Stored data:
==================================================
Lemma supersolution_no_positive_max (P lam t0 x0 : R) :
  0 < t0 -> Rbar_lt t0 T -> 1 < x0 < a ->
  Rabs (dx w t0 x0) <= P -> Cphi * (INR n - 1) * (1 + P) < lam ->
  (forall t x, 0 <= t <= t0 -> 1 <= x <= a ->
     exp (- lam * t) * (f t x - w t x) <= exp (- lam * t0) * (f t0 x0 - w t0 x0)) ->
  f t0 x0 <= w t0 x0.
Proof.
  intros Ht0 HT0 Hx0 HP Hlam Hmax.
  apply Rnot_lt_le; intros Hfw.
  destruct (f_sol t0 x0 ltac:(lra) HT0 ltac:(lra)) as [Hft [_ [Hfxx [_ [_ [_ [_ [Heq _]]]]]]]].
  destruct (w_super t0 x0 ltac:(lra) HT0 ltac:(lra)) as [Hwt [_ [Hwxx [_ [_ Hsuper]]]]].
  assert (Hslice : forall y, 1 <= y <= a -> f t0 y - w t0 y <= f t0 x0 - w t0 x0).
  { intros y Hy. apply (Rmult_le_reg_l (exp (- lam * t0))); [apply exp_pos | apply Hmax; lra]. }
  assert (Hdiff : forall y, 1 < y < a ->
             is_derive (fun z => f t0 z - w t0 z) y (dx f t0 y - dx w t0 y)).
  { intros y Hy.
    destruct (f_sol t0 y ltac:(lra) HT0 ltac:(lra)) as [_ [Hfy _]].
    destruct (w_super t0 y ltac:(lra) HT0 ltac:(lra)) as [_ [Hwy _]].
    apply (is_derive_minus (fun z => f t0 z) (fun z => w t0 z)); apply Derive_correct; assumption. }
  assert (Hdx : dx f t0 x0 = dx w t0 x0).
  { pose proof (is_derive_max_interior _ 1 x0 a _ Hx0 Hslice (Hdiff x0 Hx0)). lra. }
  assert (Hdxx : dxx f t0 x0 <= dxx w t0 x0).
  { assert (H2 : is_derive (fun y => dx f t0 y - dx w t0 y) x0 (dxx f t0 x0 - dxx w t0 x0)).
    { apply (is_derive_minus (fun y => dx f t0 y) (fun y => dx w t0 y));
        apply Derive_correct; assumption. }
    pose proof (is_derive2_max_interior _ _ 1 x0 a _ Hx0 Hslice Hdiff H2). lra. }
  assert (Hdt : lam * (f t0 x0 - w t0 x0) <= dt f t0 x0 - dt w t0 x0).
  { apply (exp_weighted_max_left (fun s => f s x0 - w s x0) lam 0 t0);
      [lra | intros s Hs; apply Hmax; lra |].
    apply (is_derive_minus (fun s => f s x0) (fun s => w s x0)); apply Derive_correct; assumption. }
  change (dt f t0 x0 = lmcf_speed n phi x0 (f t0 x0) (dx f t0 x0) (dxx f t0 x0)) in Heq.
  rewrite Hdx in Heq.
  pose proof (lmcf_speed_sub_le n phi x0 (f t0 x0) (w t0 x0) (dx w t0 x0)
                (dxx f t0 x0) (dxx w t0 x0) Cphi P n_ge1 ltac:(lra)
                (phi_bounded x0 ltac:(lra)) HP ltac:(lra) Hdxx).
  nra.
Qed.

Lemma LMCF_comparison :
  (forall x, 1 <= x <= a -> f 0 x <= w 0 x) ->
  (forall t, 0 <= t -> Rbar_lt t T -> q <= w t 1 /\ p <= w t a) ->
  forall t x, 0 <= t -> Rbar_lt t T -> 1 <= x <= a -> f t x <= w t x.
Proof.
  intros Hinit Hbdry t1 x1 Ht1 HT1 Hx1.
  assert (HTt : forall t, 0 <= t <= t1 -> Rbar_lt t T)
    by (intros t Ht; apply Rbar_le_lt_trans with t1; [simpl; lra | exact HT1]).
  destruct (cont2_attains_max (fun t x => Rabs (dx w t x)) t1 1 a) as [tP [xP [_ [_ HP]]]];
    [lra | | exact Ht1 |].
  { intros t x Ht Hx. apply cont2_abs. apply (w_super t x ltac:(lra) (HTt t Ht) Hx). }
  (* P bounds w_x on the rectangle, hence the one-sided Lipschitz constant of the lower-order
     term; the weight e^{-lam t} with lam above that constant rules out a positive maximum. *)
  set (P := Rabs (dx w tP xP)) in HP.
  set (lam := Cphi * (INR n - 1) * (1 + P) + 1).
  set (G := fun t x => exp (- lam * t) * (f t x - w t x)).
  destruct (cont2_attains_max G t1 1 a) as [t0 [x0 [Ht0 [Hx0 Hmax]]]]; [lra | | exact Ht1 |].
  { intros t x Ht Hx. apply cont2_exp_weighted_diff.
    - apply (f_sol t x ltac:(lra) (HTt t Ht) Hx).
    - apply (w_super t x ltac:(lra) (HTt t Ht) Hx). }
  assert (HG0 : G t0 x0 <= 0).
  { apply Rnot_lt_le; intros Hpos.
    assert (Hfw : w t0 x0 < f t0 x0) by (unfold G in Hpos; pose proof (exp_pos (- lam * t0)); nra).
    destruct (f_sol t0 x0 ltac:(lra) (HTt t0 Ht0) Hx0) as [_ [_ [_ [_ [_ [_ [_ [_ [Hq Hp]]]]]]]]].
    destruct (Hbdry t0 ltac:(lra) (HTt t0 Ht0)) as [Hwq Hwp].
    assert (Ht0pos : 0 < t0).
    { destruct (Req_dec t0 0) as [-> | ?]; [specialize (Hinit x0 Hx0); lra | lra]. }
    assert (Hx0int : 1 < x0 < a).
    { destruct (Req_dec x0 1) as [-> | ?]; [lra |].
      destruct (Req_dec x0 a) as [-> | ?]; [lra | lra]. }
    assert (Hle := supersolution_no_positive_max P lam t0 x0 Ht0pos (HTt t0 Ht0) Hx0int
                     (HP t0 x0 Ht0 Hx0) ltac:(unfold lam; lra)
                     (fun t x Ht Hx => Hmax t x ltac:(lra) Hx)).
    lra. }
  specialize (Hmax t1 x1 ltac:(lra) Hx1).
  unfold G in *. pose proof (exp_pos (- lam * t1)). nra.
Qed.

End Comparison.

Lemma solution_le_barrier (c0 K B C s r : R) :
  1 <= K -> 0 <= C -> (INR n - 1) * C * (Rabs c0 + Rabs r) <= B ->
  (forall x, 1 <= x <= a -> 0 <= s * x + r /\ 0 <= phi x <= C * (s * x + r)) ->
  (forall x, 1 <= x <= a -> f 0 x <= c0 + K * (s * x + r)) ->
  q <= c0 + K * (s + r) -> p <= c0 + K * (s * a + r) ->
  forall t x, 0 <= t -> Rbar_lt t T -> 1 <= x <= a -> f t x <= barrier c0 K B s r t x.
Proof.
  intros HK HC HB Hphi Hinit Hq Hp.
  assert (HB0 : 0 <= B).
  { assert (Hnn : 0 <= INR n - 1) by (apply le_INR in n_ge1; simpl in n_ge1; lra).
    pose proof (Rmult_le_pos _ _ (Rmult_le_pos _ _ Hnn HC)
                  (Rplus_le_le_0_compat _ _ (Rabs_pos c0) (Rabs_pos r))).
    lra. }
  apply (LMCF_comparison _ (C * (Rabs s * a + Rabs r))).
  - apply barrier_supersolution with C; assumption.
  - intros x Hx. destruct (Hphi x Hx) as [_ [Hphi0 HphiC]].
    assert (Hl : s * x + r <= Rabs s * a + Rabs r).
    { pose proof (Rle_abs s). pose proof (Rle_abs r). pose proof (Rabs_pos s). nra. }
    split; [exact Hphi0 |]. pose proof (Rmult_le_compat_l C _ _ HC Hl). lra.
  - intros x Hx. unfold barrier. rewrite Rmult_0_r, exp_0, Rmult_1_r. apply Hinit, Hx.
  - intros t Ht _. unfold barrier.
    assert (He : 1 <= exp (B * t)) by (pose proof (exp_ineq1_le (B * t)); nra).
    destruct (Hphi 1 ltac:(lra)) as [H1 _]. destruct (Hphi a ltac:(lra)) as [Ha _].
    rewrite Rmult_1_r in *.
    assert (He1 : 0 <= exp (B * t) - 1) by lra.
    pose proof (Rmult_le_pos _ _ (Rmult_le_pos K _ ltac:(lra) H1) He1).
    pose proof (Rmult_le_pos _ _ (Rmult_le_pos K _ ltac:(lra) Ha) He1).
    split; nra.
Qed.

Lemma initial_linear_bounds :
  Rbar_lt 0 T ->
  exists M, 0 <= M /\ forall x, 1 <= x <= a ->
    f 0 x <= q + M * (x - 1) /\ f 0 x <= p + M * (a - x).
Proof.
  intros HT.
  destruct (lipschitz_of_continuous_derive (f 0) (dx f 0) 1 a) as [M [HM Hlip]]; [lra | | |].
  - intros x Hx. apply Derive_correct. apply (f_sol 0 x (Rle_refl 0) HT Hx).
  - intros x Hx. apply cont2_continuity_pt. apply (f_sol 0 x (Rle_refl 0) HT Hx).
  - exists M. split; [exact HM |]. intros x Hx.
    destruct (f_sol 0 x (Rle_refl 0) HT Hx) as [_ [_ [_ [_ [_ [_ [_ [_ [Hq Hp]]]]]]]]].
    pose proof (Rle_abs (f 0 x - f 0 1)). pose proof (Rle_abs (f 0 x - f 0 a)).
    specialize (Hlip x 1 Hx ltac:(lra)) as H1. specialize (Hlip x a Hx ltac:(lra)) as Ha.
    rewrite (Rabs_pos_eq (x - 1)) in H1 by lra. rewrite (Rabs_left1 (x - a)) in Ha by lra.
    split; nra.
Qed.

Lemma slope_at_1_le (K B C : R) :
  1 <= K -> 0 <= C -> (INR n - 1) * C * (Rabs q + 1) <= B ->
  (forall x, 1 <= x <= a -> 0 <= phi x <= C * (x - 1)) ->
  (forall x, 1 <= x <= a -> f 0 x <= q + K * (x - 1)) ->
  p <= q + K * (a - 1) ->
  forall t, 0 <= t -> Rbar_lt t T -> dx f t 1 <= K * exp (B * t).
Proof.
  intros HK HC HB Hphi Hinit Hp t Ht HtT.
  assert (Hbelow : forall x, 1 <= x <= a -> f t x <= barrier q K B 1 (-1) t x).
  { intros x Hx.
    apply (solution_le_barrier q K B C 1 (-1)); try assumption.
    - rewrite (Rabs_left (-1)) by lra. lra.
    - intros y Hy. replace (1 * y + -1) with (y - 1) by ring. split; [lra | apply Hphi, Hy].
    - intros y Hy. replace (1 * y + -1) with (y - 1) by ring. apply Hinit, Hy.
    - replace (1 + -1) with 0 by ring. lra.
    - replace (1 * a + -1) with (a - 1) by ring. exact Hp. }
  destruct (f_sol t 1 Ht HtT ltac:(lra)) as [_ [Hd1 [_ [_ [_ [_ [_ [_ [Hq _]]]]]]]]].
  pose proof (is_derive_le_of_touch_right (f t) (barrier q K B 1 (-1) t) 1 a
                (dx f t 1) _ a_gt1 Hbelow ltac:(unfold barrier; rewrite Hq; ring)
                (Derive_correct _ _ Hd1) (is_derive_barrier_x q K B 1 (-1) t 1)).
  lra.
Qed.

Lemma slope_at_a_ge (K B C : R) :
  1 <= K -> 0 <= C -> (INR n - 1) * C * (Rabs p + a) <= B ->
  (forall x, 1 <= x <= a -> 0 <= phi x <= C * (a - x)) ->
  (forall x, 1 <= x <= a -> f 0 x <= p + K * (a - x)) ->
  q <= p + K * (a - 1) ->
  forall t, 0 <= t -> Rbar_lt t T -> - (K * exp (B * t)) <= dx f t a.
Proof.
  intros HK HC HB Hphi Hinit Hq t Ht HtT.
  assert (Hbelow : forall x, 1 <= x <= a -> f t x <= barrier p K B (-1) a t x).
  { intros x Hx.
    apply (solution_le_barrier p K B C (-1) a); try assumption.
    - rewrite (Rabs_pos_eq a) by lra. exact HB.
    - intros y Hy. replace (-1 * y + a) with (a - y) by ring. split; [lra | apply Hphi, Hy].
    - intros y Hy. replace (-1 * y + a) with (a - y) by ring. apply Hinit, Hy.
    - replace (-1 + a) with (a - 1) by ring. exact Hq.
    - replace (-1 * a + a) with 0 by ring. lra. }
  destruct (f_sol t a Ht HtT ltac:(lra)) as [_ [Hda [_ [_ [_ [_ [_ [_ [_ Hp]]]]]]]]].
  pose proof (is_derive_le_of_touch_left (f t) (barrier p K B (-1) a t) 1 a
                (dx f t a) _ a_gt1 Hbelow ltac:(unfold barrier; rewrite Hp; ring)
                (Derive_correct _ _ Hda) (is_derive_barrier_x p K B (-1) a t a)).
  lra.
Qed.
==================================================
What is required: Check each line above for the string "Cphi", then copy the ones that have it.

Response to the task:
  Rabs (dx w t0 x0) <= P -> Cphi * (INR n - 1) * (1 + P) < lam ->
                (dxx f t0 x0) (dxx w t0 x0) Cphi P n_ge1 ltac:(lra)
  set (lam := Cphi * (INR n - 1) * (1 + P) + 1).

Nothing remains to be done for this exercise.